TESTO Parole dure, affetti precari
XXIII Domenica del Tempo Ordinario (Anno C) (05/09/2004)
Vangelo: Lc 14,25-33
In quel tempo, 25una folla numerosa andava con Gesù. Egli si voltò e disse loro: 26«Se uno viene a me e non mi ama più di quanto ami suo padre, la madre, la moglie, i figli, i fratelli, le sorelle e perfino la propria vita, non può essere mio discepolo. 27Colui che non porta la propria croce e non viene dietro a me, non può essere mio discepolo.
28Chi di voi, volendo costruire una torre, non siede prima a calcolare la spesa e a vedere se ha i mezzi per portarla a termine? 29Per evitare che, se getta le fondamenta e non è in grado di finire il lavoro, tutti coloro che vedono comincino a deriderlo, 30dicendo: “Costui ha iniziato a costruire, ma non è stato capace di finire il lavoro”. 31Oppure quale re, partendo in guerra contro un altro re, non siede prima a esaminare se può affrontare con diecimila uomini chi gli viene incontro con ventimila? 32Se no, mentre l’altro è ancora lontano, gli manda dei messaggeri per chiedere pace. 33Così chiunque di voi non rinuncia a tutti i suoi averi, non può essere mio discepolo».

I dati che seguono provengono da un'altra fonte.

(* Let $k>\ell\ge1$, $m\ge1$, $w=a^kba^\ell b^m$, and for $n\ge1$ let $S_n = a^kba^\ell a^{k}b a^{\ell}b^{m} (a^k b^{m+1}a^\ell)^n a^{k}b a^{\ell}b^{m} b^m$. For all integers $i,j\ge1$, $S_i\vdash^*_{\{w\}} S_j$ if and only if $i=j$.
   Context: For words $u,v$, the shuffle $u \sqcup\!\sqcup v$ is the set of all words $u_1v_1\cdots u_kv_k$ with $k\ge 1$, $u=u_1\cdots u_k$, $v=v_1\cdots v_k$ (pieces possibly empty). For a finite set $I$ of words, $v \vdash_I w$ means $w \in v \sqcup\!\sqcup u$ for some $u\in I$, and $\vdash_I^*$ is its reflexive-transitive closure. *)

From Stdlib Require Import Relations List.
From mathcomp Require Import all_boot.
Set Implicit Arguments. Unset Strict Implicit. Unset Printing Implicit Defensive.

Inductive letter := la | lb.

Definition word := seq letter.

Definition pw (x : word) (n : nat) : word := flatten (nseq n x).

Fixpoint interleave (us vs : seq word) : word :=
  match us, vs with
  | u :: us', v :: vs' => u ++ v ++ interleave us' vs'
  | _, _ => [::]
  end.

(* w \in u ⧢ v : w = u_1 v_1 ... u_k v_k, k >= 1, u = u_1...u_k, v = v_1...v_k,
   pieces possibly empty. *)
Definition in_shuffle (w u v : word) : Prop :=
  exists (us vs : seq word),
    [/\ 1 <= size us, size us = size vs,
        flatten us = u, flatten vs = v & w = interleave us vs].

(* v |-_I w  :  w \in v ⧢ u for some u \in I (I a finite set of words, as a list) *)
Definition derives1 (I : seq word) (v w : word) : Prop :=
  exists u, List.In u I /\ in_shuffle w v u.

Definition derives (I : seq word) : word -> word -> Prop :=
  clos_refl_trans word (derives1 I).

Definition wa (n : nat) : word := nseq n la.
Definition wb (n : nat) : word := nseq n lb.

Definition w_klm (k l m : nat) : word := wa k ++ [:: lb] ++ wa l ++ wb m.

Definition S_klm (k l m n : nat) : word :=
  wa k ++ [:: lb] ++ wa l ++ wa k ++ [:: lb] ++ wa l ++ wb m
  ++ pw (wa k ++ wb m.+1 ++ wa l) n
  ++ wa k ++ [:: lb] ++ wa l ++ wb m ++ wb m.

(* Weigh a with m+1 and b with -(k+l).  Then w has weight 0 and every proper
   nonempty prefix of w has positive weight.  Along a derivation S_i |-* S_j we
   tag each letter as inherited from S_i or inserted: in every prefix the
   inserted letters weigh at least 0, and a factor of inserted letters only, of
   weight 0 and starting where the inserted letters so far weigh 0, is derivable
   from the empty word, hence is empty or contains ba.  Counting the inherited
   letters in each prefix of S_j gives a monotone map q from prefix lengths of
   S_j to those of S_i that does not increase weight.  The prefixes of S_n of
   minimal weight km-l end exactly after its n blocks a^k b^(m+1), so q maps
   minima of S_j to minima of S_i, injectively because consecutive minima are
   separated by a^(l+k) b^(m+1), which has no ba.  Since S_i embeds in S_j we
   have i <= j, and a length count shows that the last i+1 minima of S_j are
   mapped to minima of S_i, which forces i = j. *)

From HB Require Import structures.
From Stdlib Require Import Relations ZArith Lia.
From mathcomp Require Import all_boot zify.
Set Implicit Arguments. Unset Strict Implicit.

Definition letter_eqb (x y : letter) : bool :=
  match x, y with la, la | lb, lb => true | _, _ => false end.

Lemma letter_eqP : Equality.axiom letter_eqb.
Proof. by do 2 case; constructor. Qed.

HB.instance Definition _ := hasDecEq.Build letter letter_eqP.

Fixpoint ilv {T : Type} (us vs : seq (seq T)) : seq T :=
  match us, vs with
  | u :: us', v :: vs' => u ++ v ++ ilv us' vs'
  | _, _ => [::]
  end.

Lemma interleave_ilv us vs : interleave us vs = ilv us vs.
Proof. by elim: us vs => [|u us IH] [|v vs] //=; rewrite IH. Qed.

Lemma ilv_flatten_nil {T : Type} (us vs : seq (seq T)) : size us = size vs ->
  flatten vs = [::] -> ilv us vs = flatten us.
Proof.
elim: us vs => [|u us IH] [|v vs] //= [Hs] /List.app_eq_nil [-> Hvs].
by rewrite IH.
Qed.

Lemma ilv_eq_cat {T : Type} (us vs : seq (seq T)) x y :
  size us = size vs -> ilv us vs = x ++ y ->
  exists us1 vs1 us2 vs2,
    [/\ size us1 = size vs1, size us2 = size vs2, x = ilv us1 vs1, y = ilv us2 vs2 &
        flatten us = flatten us1 ++ flatten us2 /\ flatten vs = flatten vs1 ++ flatten vs2].
Proof.
elim: us vs x y => [|u us IH] [|v vs] //= x y.
  by move=> _ /esym/List.app_eq_nil [-> ->]; exists [::], [::], [::], [::].
move=> [Hs] E.
have Ex : x = take (size x) (u ++ v ++ ilv us vs) by rewrite E take_size_cat.
have Ey : y = drop (size x) (u ++ v ++ ilv us vs) by rewrite E drop_size_cat.
case: (ltnP (size x) (size u)) => Hu.
  exists [:: take (size x) u], [:: [::]], (drop (size x) u :: us), (v :: vs).
  rewrite /= !cats0 Hs; split=> //.
  - by rewrite {1}Ex take_cat Hu.
  - by rewrite {1}Ey drop_cat Hu.
  - by rewrite catA cat_take_drop.
set n := size x - size u.
case: (ltnP n (size v)) => Hv.
  exists [:: u], [:: take n v], ([::] :: us), (drop n v :: vs).
  rewrite /= !cats0 Hs; split=> //.
  - by rewrite {1}Ex take_cat ltnNge Hu /= take_cat Hv.
  - by rewrite {1}Ey drop_cat ltnNge Hu /= drop_cat Hv.
  - by rewrite catA cat_take_drop.
set x' := take (n - size v) (ilv us vs).
have Ex' : x = u ++ v ++ x' by rewrite {1}Ex take_cat ltnNge Hu /= take_cat ltnNge Hv.
have Ey' : y = drop (n - size v) (ilv us vs)
  by rewrite {1}Ey drop_cat ltnNge Hu /= drop_cat ltnNge Hv.
have E' : ilv us vs = x' ++ y by rewrite Ey' cat_take_drop.
have [us1 [vs1 [us2 [vs2 [S1 S2 X1 Y1 [F1 F2]]]]]] := IH _ _ _ Hs E'.
exists (u :: us1), (v :: vs1), us2, vs2; rewrite /= S1 Ex' X1 F1 F2 !catA.
by split.
Qed.

Lemma size_pw (X : word) n : size (pw X n) = n * size X.
Proof. by elim: n => //= n IH; rewrite /pw /= size_cat -/(pw X n) IH mulSn. Qed.

Lemma pwS (X : word) n : pw X n.+1 = X ++ pw X n.
Proof. by []. Qed.

Lemma pwD (X : word) n1 n2 : pw X (n1 + n2) = pw X n1 ++ pw X n2.
Proof. by rewrite /pw nseqD flatten_cat. Qed.

Section Weight.

Variables M C : Z.

Fixpoint weight (s : word) : Z :=
  match s with
  | [::] => 0%Z
  | la :: t => (M + weight t)%Z
  | lb :: t => (weight t - C)%Z
  end.

Lemma weight_cat s t : weight (s ++ t) = (weight s + weight t)%Z.
Proof. by elim: s => [|[] s IH] /=; lia. Qed.

Lemma weight_wa n : weight (wa n) = (Z.of_nat n * M)%Z.
Proof. by elim: n => [|n IH] //; rewrite Nat2Z.inj_succ /= IH; lia. Qed.

Lemma weight_wb n : weight (wb n) = (- Z.of_nat n * C)%Z.
Proof. by elim: n => [|n IH] //; rewrite Nat2Z.inj_succ /= IH; lia. Qed.

Lemma weight_take_cat p s t : weight (take p (s ++ t)) =
  if p <= size s then weight (take p s)
  else (weight s + weight (take (p - size s) t))%Z.
Proof.
rewrite take_cat; case: (ltnP p (size s)) => [/ltnW -> //|Hp].
case: (eqVneq p (size s)) => [->|ne].
  by rewrite leqnn subnn take0 cats0 take_size.
by rewrite leqNgt ltn_neqAle eq_sym ne Hp weight_cat.
Qed.

Lemma take_nseq_min {T : Type} p n (x : T) : take p (nseq n x) = nseq (minn p n) x.
Proof. by elim: n p => [|n IH] [|p] //=; rewrite ?minn0 ?minnSS ?IH. Qed.

Lemma weight_take_wa p n : weight (take p (wa n)) = (Z.of_nat (minn p n) * M)%Z.
Proof. by rewrite /wa take_nseq_min weight_wa. Qed.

Sono davvero dure le parole di Gesù che ascoltiamo nel Vangelo di domenica (Lc 14,25-33): «Se uno viene a me e non odia sua padre, sua madre, la moglie, i figli, i fratelli, le sorelle e perfino la propria vita, non può essere mio discepolo». Sono parole così dure che noi vorremmo in fretta addolcirle, magari con una spiegazione rassicurante. Infatti non ci sembra vero che Gesù voglia scoraggiare chi lo segue: lui, che aveva sempre consolato i suoi amici nel momento della prova. «Venite a me, voi tutti, affaticati ed oppressi, e io vi ristorerò», aveva detto un giorno a quei discepoli che tornavano stanchi dalla missione (Mt 11,28): e ora dunque perché usa parole così dure?
Noi appunto evitiamo di rispondere a questa domanda ricorrendo a spiegazioni rassicuranti: affermando – ad esempio – che queste parole di Gesù non sono rivolte a tutti, ma soltanto ai discepoli che lo seguono più da vicino. Sono i preti, le suore, i consacrati in genere – diciamo noi – che devono abbandonare ogni affetto umano per il Regno di Dio. Eppure una spiegazione di questo tipo non convince: sia perché ovviamente i consacrati non sono migliori degli altri credenti; sia soprattutto perché Gesù disse quelle parole alla «molta gente che andava con lui» e non ad un gruppo di eletti.
In realtà non dobbiamo meravigliarci davanti alla durezza delle parole di Gesù. Esse riguardano davvero tutti perché richiamano da vicino certe durezze della vita di tutti, dove pure gli affetti più belli – il legame con i genitori, con la compagna o il compagno, con i fratelli e gli amici – sono segnati dalla stanchezza e dall'incomprensione. Anche quando si è innamorati, o si gioisce per l'affetto di una persona cara, si sperimenta comunque la precarietà di quel rapporto, che pare sempre come sospeso e condizionato. Esattamente una simile precarietà viene evidenziata dalle parole dure di Gesù.
Naturalmente con queste parole Gesù non intende svalutare gli affetti umani. Egli raccomanda però di viverli come segni e non come assoluti. L'affetto dei genitori, della compagna o del compagno, degli amici e dei fratelli testimoniano che la vita ha un senso; eppure il senso della vita non è esaurito da questi affetti. Esso va ricercato ogni giorno da capo, e non può essere mai raggiunto in pienezza. Se tu pensi di averlo conquistato del tutto nelle persone amate, vai incontro a grandi delusioni; se invece riconosci che il senso della vita è sempre più grande, allora anche le delusioni che verranno dalle persone amate saranno meno cocenti.
Questo è dunque il calcolo che tutti dobbiamo fare – come i protagonisti delle due brevi parabole raccontate da Gesù – se vogliamo che l'impresa della nostra vita riesca, e non rimanga invece tristemente incompiuta. In altre parole, abbiamo bisogno di ripetere ogni giorno la preghiera del salmo 89: «Signore nostro Dio, rafforza tu per noi l'opera delle nostre mani».